▶ PROBLEM:
Copy every line of the data in which the word "simpl" occurs.

▶ RECORDS SUPPLIED:
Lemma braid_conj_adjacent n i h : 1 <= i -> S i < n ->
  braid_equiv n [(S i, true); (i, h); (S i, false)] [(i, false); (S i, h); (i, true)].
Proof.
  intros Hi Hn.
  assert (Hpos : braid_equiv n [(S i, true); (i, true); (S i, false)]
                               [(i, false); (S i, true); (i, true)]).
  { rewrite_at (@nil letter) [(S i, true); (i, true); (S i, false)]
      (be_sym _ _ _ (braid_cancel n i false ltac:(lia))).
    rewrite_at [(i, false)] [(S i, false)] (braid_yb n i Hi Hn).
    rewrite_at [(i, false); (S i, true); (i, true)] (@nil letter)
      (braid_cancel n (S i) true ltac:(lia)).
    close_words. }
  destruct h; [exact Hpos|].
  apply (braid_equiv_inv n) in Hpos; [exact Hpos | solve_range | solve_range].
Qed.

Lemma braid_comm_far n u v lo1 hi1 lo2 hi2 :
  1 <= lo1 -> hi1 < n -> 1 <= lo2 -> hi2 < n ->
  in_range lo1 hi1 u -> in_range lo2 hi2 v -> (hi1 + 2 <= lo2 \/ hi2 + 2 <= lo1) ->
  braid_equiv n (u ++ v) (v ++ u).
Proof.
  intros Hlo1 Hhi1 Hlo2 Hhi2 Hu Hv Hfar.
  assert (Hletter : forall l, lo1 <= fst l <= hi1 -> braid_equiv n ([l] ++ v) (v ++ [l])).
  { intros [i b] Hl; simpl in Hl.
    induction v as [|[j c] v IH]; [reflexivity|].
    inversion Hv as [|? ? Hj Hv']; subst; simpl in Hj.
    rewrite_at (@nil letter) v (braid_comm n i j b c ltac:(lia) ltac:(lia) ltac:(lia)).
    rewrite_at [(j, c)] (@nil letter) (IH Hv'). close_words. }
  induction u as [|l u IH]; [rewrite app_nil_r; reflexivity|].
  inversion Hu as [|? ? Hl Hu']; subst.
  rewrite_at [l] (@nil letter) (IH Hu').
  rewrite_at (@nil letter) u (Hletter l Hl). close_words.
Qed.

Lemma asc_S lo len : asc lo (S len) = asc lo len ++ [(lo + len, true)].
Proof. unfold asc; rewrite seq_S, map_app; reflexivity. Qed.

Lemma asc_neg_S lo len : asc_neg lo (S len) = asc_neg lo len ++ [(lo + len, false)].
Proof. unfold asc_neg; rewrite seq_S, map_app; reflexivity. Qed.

▶ EXERCISE SOLUTION:
  { intros [i b] Hl; simpl in Hl.
    inversion Hv as [|? ? Hj Hv']; subst; simpl in Hj.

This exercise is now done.